» **DATASET ENTRIES**
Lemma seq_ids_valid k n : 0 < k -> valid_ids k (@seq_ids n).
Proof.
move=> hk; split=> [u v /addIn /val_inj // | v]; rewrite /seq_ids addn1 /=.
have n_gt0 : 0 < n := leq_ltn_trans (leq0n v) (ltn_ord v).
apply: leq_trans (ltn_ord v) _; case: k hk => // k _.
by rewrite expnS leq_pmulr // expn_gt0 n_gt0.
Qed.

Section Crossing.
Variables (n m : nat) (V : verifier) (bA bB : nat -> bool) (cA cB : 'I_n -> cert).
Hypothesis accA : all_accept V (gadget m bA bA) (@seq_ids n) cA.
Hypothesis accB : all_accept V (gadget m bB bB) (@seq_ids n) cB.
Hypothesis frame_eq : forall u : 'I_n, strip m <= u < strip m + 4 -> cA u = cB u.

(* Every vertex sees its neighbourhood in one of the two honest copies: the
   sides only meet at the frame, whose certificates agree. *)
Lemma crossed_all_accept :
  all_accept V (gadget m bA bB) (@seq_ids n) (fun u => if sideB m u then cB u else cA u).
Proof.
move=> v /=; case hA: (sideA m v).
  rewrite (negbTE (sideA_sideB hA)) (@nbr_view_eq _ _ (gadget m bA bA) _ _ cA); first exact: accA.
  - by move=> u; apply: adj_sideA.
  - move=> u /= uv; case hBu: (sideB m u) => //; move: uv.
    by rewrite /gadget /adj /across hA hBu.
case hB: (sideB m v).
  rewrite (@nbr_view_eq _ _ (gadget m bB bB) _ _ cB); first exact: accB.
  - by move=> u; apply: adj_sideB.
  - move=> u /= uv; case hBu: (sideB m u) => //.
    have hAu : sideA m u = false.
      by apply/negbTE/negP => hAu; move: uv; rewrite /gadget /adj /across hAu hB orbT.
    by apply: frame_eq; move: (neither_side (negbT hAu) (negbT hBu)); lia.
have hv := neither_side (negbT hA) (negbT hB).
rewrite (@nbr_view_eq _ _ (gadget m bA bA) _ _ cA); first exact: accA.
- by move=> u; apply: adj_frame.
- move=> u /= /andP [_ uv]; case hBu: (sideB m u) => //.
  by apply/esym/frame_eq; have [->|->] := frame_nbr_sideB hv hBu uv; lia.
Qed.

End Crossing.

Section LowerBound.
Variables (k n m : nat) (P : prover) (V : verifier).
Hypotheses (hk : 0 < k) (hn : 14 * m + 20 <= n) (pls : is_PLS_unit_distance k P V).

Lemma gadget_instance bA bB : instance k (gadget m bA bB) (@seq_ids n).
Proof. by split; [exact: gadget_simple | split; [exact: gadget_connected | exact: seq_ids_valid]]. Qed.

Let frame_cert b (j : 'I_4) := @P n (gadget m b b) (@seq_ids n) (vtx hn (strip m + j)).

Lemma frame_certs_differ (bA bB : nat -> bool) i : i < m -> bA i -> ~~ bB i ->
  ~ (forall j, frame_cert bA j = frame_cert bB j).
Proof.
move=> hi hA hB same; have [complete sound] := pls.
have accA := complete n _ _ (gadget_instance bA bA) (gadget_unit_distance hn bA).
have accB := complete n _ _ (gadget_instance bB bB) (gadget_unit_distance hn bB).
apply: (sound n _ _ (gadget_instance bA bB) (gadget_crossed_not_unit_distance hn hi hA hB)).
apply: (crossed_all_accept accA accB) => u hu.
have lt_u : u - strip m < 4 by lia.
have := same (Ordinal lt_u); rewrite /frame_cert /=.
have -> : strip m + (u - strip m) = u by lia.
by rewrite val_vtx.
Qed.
---
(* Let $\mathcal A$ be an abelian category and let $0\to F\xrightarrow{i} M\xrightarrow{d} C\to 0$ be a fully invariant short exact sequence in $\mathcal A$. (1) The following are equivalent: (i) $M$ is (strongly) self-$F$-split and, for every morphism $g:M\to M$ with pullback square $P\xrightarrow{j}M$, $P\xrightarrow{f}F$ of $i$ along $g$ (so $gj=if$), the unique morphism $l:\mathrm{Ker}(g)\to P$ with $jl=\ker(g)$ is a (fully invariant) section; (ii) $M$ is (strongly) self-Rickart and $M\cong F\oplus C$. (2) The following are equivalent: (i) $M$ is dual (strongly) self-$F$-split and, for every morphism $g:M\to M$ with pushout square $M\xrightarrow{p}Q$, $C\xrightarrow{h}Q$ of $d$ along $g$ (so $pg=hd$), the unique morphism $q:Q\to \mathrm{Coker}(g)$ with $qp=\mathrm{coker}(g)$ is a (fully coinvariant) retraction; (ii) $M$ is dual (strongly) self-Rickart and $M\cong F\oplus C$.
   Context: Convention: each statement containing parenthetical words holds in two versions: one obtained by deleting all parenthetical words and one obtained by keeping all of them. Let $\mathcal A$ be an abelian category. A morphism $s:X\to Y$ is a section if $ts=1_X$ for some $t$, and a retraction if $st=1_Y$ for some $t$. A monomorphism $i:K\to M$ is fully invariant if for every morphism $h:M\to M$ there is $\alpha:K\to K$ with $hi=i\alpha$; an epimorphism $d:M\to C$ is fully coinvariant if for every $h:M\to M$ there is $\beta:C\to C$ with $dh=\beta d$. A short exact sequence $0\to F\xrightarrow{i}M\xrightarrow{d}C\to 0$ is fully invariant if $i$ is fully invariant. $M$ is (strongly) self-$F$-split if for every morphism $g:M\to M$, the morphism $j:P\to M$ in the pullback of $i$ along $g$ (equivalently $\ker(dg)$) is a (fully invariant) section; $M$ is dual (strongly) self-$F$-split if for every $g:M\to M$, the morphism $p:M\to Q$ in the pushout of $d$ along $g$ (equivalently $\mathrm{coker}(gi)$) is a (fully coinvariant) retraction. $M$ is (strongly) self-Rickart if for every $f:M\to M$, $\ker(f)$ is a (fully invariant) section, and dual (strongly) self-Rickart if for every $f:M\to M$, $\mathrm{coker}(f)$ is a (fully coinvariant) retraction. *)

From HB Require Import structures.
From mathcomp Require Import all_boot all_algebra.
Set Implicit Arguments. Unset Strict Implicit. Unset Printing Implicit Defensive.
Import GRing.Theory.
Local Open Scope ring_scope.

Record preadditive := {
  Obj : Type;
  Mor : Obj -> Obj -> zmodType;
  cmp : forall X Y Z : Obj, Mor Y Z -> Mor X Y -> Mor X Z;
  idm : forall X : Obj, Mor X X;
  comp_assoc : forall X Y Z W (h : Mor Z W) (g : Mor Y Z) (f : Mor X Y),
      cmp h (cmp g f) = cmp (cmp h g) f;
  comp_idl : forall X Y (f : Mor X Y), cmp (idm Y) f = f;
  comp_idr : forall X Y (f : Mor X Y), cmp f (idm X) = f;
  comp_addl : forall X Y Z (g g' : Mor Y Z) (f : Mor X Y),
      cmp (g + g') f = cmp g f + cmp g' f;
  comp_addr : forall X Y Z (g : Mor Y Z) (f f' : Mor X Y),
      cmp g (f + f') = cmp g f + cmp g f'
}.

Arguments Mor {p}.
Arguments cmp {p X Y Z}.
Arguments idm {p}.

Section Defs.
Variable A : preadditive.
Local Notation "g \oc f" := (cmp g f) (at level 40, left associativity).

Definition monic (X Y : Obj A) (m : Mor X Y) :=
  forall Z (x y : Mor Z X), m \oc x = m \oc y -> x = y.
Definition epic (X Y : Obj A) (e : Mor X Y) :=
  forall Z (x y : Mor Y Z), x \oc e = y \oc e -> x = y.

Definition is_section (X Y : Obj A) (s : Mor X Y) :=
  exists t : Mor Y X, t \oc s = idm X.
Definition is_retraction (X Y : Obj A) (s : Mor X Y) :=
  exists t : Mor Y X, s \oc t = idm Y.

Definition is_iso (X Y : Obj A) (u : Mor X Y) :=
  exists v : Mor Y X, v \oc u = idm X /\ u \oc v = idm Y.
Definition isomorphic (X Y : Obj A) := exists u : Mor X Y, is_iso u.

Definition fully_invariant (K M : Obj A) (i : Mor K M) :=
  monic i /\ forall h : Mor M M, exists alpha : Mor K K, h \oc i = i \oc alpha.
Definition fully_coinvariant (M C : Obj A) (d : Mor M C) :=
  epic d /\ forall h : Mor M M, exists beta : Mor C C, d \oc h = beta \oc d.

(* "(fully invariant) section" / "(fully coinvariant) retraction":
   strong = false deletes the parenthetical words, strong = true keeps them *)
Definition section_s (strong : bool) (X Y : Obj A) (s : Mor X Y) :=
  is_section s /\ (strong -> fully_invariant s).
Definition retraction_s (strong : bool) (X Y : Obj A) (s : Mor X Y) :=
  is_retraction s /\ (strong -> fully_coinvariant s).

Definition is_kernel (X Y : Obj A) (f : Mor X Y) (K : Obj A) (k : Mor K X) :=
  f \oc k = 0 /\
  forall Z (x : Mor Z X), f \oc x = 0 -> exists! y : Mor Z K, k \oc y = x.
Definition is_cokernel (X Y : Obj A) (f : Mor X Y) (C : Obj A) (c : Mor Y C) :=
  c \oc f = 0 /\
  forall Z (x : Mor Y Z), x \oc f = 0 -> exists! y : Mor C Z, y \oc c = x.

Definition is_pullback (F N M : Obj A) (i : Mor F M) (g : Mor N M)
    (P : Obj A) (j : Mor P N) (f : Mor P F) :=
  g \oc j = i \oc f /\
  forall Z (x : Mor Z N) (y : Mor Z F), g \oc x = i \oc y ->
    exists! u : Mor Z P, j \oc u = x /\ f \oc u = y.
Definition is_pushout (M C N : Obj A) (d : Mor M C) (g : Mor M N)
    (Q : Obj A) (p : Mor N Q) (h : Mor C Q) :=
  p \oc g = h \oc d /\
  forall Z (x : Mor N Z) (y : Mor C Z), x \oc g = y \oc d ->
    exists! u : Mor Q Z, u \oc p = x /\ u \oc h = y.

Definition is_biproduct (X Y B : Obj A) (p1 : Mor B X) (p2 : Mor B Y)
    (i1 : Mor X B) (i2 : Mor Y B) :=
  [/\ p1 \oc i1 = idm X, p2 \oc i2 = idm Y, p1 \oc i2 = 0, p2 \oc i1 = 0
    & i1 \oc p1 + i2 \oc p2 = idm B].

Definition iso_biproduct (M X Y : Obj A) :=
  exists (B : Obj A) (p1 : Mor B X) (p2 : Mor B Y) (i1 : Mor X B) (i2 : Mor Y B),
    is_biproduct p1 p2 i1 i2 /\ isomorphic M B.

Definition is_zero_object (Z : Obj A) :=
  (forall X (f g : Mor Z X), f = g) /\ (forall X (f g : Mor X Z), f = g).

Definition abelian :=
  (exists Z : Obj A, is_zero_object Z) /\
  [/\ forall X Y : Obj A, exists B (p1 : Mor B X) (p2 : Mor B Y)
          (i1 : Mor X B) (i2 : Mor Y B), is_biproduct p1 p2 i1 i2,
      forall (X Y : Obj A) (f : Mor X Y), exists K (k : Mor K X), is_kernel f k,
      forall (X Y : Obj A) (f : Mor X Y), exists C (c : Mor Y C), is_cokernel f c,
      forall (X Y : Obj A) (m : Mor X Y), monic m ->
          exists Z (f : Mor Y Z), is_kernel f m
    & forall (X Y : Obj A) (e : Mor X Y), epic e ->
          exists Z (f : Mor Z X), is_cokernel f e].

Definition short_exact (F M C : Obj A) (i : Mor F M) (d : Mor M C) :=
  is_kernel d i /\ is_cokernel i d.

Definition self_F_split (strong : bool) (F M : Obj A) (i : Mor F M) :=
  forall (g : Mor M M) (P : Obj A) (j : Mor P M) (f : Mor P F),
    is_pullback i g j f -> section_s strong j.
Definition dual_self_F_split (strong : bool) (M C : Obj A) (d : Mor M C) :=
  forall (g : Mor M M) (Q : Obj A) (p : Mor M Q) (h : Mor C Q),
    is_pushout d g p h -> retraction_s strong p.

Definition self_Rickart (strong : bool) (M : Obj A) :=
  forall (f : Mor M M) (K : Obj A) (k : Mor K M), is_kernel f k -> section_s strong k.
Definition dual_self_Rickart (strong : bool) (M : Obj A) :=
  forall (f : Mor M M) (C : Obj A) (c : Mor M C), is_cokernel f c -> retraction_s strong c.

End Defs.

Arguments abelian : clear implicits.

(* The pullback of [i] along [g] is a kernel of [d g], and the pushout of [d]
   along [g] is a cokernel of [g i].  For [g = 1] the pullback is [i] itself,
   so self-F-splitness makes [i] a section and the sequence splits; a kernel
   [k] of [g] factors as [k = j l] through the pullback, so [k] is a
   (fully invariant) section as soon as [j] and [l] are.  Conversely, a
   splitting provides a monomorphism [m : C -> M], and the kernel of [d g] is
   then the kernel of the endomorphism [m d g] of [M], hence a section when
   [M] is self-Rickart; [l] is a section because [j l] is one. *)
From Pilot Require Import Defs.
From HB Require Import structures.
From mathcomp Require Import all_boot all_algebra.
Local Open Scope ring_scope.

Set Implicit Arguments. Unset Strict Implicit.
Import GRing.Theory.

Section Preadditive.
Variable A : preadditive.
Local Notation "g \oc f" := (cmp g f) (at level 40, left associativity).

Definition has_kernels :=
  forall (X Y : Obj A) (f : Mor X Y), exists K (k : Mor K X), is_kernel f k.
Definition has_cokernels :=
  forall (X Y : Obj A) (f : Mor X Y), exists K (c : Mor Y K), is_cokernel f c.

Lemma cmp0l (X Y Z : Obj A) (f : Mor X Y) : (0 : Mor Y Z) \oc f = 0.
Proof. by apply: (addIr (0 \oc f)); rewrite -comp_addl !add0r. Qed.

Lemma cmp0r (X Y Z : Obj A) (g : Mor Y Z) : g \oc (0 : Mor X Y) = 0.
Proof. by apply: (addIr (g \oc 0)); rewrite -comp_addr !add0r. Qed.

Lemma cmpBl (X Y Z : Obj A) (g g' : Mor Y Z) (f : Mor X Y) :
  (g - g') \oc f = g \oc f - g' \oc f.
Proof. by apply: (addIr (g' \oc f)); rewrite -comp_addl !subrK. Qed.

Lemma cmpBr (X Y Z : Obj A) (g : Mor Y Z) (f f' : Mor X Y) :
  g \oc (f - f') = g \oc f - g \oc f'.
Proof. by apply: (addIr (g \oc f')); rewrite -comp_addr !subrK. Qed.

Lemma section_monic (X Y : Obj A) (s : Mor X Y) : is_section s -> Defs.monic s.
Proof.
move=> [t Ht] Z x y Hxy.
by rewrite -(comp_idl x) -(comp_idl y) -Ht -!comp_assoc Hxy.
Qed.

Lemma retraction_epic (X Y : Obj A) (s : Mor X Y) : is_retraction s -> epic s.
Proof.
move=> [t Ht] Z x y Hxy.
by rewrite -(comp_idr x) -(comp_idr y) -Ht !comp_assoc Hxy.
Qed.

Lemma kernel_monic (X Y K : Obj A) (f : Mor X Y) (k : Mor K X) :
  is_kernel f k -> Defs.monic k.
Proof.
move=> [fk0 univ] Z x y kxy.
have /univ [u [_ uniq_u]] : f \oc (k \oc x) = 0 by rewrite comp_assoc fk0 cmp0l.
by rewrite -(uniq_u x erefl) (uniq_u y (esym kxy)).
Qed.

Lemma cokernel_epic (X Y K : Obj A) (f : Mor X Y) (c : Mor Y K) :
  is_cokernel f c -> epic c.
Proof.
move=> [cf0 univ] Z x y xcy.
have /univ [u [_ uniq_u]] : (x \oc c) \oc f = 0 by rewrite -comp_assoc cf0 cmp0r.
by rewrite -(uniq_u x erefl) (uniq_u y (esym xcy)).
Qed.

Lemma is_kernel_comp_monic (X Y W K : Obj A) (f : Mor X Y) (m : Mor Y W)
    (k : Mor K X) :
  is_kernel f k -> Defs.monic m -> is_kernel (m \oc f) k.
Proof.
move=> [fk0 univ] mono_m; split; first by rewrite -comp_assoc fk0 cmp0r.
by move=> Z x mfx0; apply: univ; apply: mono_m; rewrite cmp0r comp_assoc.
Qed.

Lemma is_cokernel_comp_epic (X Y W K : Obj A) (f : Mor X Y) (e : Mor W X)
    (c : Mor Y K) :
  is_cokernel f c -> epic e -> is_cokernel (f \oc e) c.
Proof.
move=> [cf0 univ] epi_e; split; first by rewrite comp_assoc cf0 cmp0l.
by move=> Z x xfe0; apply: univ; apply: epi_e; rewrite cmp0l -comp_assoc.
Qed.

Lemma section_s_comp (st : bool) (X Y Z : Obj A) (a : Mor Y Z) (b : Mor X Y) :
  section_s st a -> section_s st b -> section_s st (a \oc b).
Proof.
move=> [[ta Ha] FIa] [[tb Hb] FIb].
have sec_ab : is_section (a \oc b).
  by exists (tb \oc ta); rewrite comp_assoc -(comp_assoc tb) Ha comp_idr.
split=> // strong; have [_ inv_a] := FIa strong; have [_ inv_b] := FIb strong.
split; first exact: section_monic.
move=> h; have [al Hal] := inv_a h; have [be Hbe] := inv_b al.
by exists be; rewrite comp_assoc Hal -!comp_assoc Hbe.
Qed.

» **REQUIRED ACTION**
Show every line above in which the word "across" appears.

» **SOLUTION TO THIS PROBLEM**
    by rewrite /gadget /adj /across hA hBu.
      by apply/negbTE/negP => hAu; move: uv; rewrite /gadget /adj /across hAu hB orbT.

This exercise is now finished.